• _Data provided_:
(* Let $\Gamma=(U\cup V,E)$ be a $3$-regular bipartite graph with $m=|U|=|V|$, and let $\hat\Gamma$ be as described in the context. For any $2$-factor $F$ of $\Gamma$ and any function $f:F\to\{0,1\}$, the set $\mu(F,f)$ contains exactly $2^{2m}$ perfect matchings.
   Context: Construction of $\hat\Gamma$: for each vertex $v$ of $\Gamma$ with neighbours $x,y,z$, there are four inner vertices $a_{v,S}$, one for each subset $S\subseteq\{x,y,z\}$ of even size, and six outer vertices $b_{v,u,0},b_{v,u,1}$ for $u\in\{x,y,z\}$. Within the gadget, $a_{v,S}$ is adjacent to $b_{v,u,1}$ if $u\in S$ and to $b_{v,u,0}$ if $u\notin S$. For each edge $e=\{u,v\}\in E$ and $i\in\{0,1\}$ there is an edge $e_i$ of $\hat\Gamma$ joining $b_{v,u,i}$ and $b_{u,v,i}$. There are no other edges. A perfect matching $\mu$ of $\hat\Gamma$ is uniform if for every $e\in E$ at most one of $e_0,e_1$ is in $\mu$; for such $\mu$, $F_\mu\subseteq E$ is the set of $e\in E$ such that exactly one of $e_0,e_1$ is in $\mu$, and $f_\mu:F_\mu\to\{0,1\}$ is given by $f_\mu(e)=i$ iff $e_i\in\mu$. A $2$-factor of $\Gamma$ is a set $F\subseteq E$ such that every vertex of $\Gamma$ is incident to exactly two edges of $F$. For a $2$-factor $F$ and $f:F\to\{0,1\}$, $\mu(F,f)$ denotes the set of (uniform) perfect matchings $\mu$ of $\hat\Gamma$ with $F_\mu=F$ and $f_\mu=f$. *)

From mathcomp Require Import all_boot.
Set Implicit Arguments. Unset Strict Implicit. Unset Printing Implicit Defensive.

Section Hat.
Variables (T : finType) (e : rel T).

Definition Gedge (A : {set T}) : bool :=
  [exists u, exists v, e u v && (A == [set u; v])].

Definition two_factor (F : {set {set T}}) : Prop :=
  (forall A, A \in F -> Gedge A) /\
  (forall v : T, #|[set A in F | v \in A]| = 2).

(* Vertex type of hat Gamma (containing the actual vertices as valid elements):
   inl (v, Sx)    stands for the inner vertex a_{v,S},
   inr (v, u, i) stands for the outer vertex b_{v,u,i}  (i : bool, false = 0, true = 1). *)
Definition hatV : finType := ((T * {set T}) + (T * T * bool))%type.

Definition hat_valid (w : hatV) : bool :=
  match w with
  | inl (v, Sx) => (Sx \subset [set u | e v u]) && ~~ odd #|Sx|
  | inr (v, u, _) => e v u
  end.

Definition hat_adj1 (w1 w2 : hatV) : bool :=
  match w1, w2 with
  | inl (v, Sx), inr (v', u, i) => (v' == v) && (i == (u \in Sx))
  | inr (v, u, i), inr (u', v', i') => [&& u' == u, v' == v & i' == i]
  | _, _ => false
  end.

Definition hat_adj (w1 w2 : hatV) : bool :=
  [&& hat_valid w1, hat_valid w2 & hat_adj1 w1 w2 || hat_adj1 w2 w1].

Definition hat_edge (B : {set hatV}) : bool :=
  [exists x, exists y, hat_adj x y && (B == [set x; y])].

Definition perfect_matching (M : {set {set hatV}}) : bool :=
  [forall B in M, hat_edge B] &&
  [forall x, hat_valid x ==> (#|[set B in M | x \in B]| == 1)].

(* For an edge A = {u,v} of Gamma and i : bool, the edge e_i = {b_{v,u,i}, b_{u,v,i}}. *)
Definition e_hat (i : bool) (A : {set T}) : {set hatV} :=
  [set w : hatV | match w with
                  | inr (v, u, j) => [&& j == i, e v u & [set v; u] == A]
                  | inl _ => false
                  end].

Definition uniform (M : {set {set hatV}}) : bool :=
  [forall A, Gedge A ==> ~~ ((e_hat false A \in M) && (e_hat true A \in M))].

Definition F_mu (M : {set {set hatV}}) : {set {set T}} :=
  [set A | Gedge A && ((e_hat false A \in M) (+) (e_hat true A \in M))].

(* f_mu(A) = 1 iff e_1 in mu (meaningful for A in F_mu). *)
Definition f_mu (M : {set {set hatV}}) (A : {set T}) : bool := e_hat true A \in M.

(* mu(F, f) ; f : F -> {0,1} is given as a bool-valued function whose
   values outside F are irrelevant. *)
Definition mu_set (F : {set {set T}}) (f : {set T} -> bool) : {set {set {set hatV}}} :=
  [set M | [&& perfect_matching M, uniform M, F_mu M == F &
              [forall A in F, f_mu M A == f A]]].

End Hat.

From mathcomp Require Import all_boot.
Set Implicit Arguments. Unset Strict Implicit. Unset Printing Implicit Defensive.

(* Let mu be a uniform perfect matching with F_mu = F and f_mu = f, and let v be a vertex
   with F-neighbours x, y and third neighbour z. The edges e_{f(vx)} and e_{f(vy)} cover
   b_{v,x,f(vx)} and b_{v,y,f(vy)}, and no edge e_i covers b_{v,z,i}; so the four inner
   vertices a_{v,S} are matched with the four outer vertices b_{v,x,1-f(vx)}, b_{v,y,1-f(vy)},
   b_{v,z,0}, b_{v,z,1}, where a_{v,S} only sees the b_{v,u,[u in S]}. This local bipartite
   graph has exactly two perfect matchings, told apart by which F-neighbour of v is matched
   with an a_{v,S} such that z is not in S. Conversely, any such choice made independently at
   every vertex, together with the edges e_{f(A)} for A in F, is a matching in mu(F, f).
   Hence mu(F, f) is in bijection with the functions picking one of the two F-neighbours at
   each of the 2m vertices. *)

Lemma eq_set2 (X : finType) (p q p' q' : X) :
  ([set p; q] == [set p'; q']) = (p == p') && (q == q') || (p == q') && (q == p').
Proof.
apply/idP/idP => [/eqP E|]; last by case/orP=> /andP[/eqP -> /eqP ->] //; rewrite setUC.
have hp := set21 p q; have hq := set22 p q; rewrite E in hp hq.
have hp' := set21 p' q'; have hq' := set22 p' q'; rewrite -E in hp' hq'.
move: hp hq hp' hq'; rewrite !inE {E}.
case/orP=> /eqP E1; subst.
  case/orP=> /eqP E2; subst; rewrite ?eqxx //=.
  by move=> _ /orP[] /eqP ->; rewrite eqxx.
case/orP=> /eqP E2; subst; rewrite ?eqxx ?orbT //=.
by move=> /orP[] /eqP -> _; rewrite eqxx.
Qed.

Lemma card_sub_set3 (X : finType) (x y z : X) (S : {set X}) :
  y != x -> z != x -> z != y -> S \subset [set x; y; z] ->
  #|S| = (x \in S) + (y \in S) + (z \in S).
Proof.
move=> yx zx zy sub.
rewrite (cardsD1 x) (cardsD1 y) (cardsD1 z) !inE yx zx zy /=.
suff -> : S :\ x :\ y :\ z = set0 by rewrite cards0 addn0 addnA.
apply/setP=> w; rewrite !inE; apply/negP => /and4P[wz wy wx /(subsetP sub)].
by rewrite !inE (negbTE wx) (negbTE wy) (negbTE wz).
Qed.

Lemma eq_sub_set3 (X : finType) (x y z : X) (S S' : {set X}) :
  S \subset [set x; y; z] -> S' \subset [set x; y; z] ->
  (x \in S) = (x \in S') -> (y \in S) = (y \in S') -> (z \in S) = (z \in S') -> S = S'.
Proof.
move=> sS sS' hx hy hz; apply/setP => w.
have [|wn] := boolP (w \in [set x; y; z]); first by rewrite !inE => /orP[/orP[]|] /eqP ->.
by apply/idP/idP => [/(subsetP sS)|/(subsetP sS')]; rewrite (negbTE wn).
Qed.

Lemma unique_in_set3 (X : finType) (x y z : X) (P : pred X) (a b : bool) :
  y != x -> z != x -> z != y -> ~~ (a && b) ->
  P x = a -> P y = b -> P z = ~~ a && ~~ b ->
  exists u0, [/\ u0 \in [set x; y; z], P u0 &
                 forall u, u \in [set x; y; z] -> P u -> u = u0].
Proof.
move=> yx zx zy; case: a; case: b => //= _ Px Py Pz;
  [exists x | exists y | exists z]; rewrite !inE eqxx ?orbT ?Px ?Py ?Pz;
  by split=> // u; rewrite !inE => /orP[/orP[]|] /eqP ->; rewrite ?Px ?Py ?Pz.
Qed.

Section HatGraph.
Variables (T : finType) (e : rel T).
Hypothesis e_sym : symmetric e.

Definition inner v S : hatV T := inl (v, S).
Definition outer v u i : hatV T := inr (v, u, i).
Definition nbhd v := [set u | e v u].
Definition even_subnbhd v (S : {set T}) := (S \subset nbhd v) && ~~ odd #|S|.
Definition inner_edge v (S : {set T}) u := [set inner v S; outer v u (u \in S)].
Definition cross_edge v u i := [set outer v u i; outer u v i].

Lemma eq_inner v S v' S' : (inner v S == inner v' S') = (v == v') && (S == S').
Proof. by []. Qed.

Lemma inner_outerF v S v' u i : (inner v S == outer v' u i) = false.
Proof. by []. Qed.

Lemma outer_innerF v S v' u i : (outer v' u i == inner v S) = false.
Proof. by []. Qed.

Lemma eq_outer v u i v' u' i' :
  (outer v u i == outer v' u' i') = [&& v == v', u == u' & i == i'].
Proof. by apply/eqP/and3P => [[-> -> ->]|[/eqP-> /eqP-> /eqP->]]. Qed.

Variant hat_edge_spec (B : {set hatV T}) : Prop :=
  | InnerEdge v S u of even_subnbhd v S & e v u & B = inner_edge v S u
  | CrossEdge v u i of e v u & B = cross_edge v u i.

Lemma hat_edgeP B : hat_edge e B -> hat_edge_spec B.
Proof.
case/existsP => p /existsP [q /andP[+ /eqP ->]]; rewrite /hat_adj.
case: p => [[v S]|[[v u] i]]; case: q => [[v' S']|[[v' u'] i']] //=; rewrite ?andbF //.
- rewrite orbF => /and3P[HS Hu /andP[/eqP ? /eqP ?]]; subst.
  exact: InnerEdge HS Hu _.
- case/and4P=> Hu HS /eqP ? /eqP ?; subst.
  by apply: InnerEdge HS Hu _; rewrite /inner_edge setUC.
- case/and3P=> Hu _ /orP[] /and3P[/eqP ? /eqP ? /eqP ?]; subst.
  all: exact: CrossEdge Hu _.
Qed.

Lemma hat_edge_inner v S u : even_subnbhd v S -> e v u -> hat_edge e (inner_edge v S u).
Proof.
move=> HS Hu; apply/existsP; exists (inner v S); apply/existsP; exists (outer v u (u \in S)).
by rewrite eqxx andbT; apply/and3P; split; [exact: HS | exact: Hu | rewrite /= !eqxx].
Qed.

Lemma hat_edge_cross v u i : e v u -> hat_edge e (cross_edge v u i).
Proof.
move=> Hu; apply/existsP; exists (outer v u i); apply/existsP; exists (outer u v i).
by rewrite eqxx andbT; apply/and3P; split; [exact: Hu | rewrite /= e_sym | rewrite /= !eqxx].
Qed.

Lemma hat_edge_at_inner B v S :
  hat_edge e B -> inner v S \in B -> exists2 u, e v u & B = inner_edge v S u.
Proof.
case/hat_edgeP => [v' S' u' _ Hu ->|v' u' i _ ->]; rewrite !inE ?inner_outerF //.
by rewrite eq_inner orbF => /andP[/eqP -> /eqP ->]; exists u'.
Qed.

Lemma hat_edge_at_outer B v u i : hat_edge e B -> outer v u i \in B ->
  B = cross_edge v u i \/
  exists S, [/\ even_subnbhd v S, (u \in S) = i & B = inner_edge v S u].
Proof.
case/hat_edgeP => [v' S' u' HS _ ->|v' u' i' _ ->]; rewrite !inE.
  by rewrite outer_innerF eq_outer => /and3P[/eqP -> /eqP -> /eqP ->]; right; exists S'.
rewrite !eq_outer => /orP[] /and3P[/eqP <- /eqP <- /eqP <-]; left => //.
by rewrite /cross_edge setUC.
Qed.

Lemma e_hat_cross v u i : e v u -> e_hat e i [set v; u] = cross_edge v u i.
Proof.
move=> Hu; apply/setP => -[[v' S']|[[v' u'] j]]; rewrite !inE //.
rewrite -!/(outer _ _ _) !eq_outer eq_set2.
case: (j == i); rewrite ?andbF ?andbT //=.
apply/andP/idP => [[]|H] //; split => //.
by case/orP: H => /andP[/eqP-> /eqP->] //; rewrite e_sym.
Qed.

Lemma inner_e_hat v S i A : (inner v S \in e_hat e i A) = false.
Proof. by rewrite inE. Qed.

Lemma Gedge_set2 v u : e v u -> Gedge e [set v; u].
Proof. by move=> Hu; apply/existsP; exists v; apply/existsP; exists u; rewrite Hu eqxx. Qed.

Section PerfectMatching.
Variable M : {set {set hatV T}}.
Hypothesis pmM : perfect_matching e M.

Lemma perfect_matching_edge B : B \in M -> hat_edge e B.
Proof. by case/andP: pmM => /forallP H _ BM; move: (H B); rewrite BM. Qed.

• _Task to complete_:
Give again, exactly and with nothing added, the lines running from the one that contains "Hypothesis pmM : perfect_matching e M." to the last line of the material.

• _Result for this exercise_:
Hypothesis pmM : perfect_matching e M.

Lemma perfect_matching_edge B : B \in M -> hat_edge e B.
Proof. by case/andP: pmM => /forallP H _ BM; move: (H B); rewrite BM. Qed.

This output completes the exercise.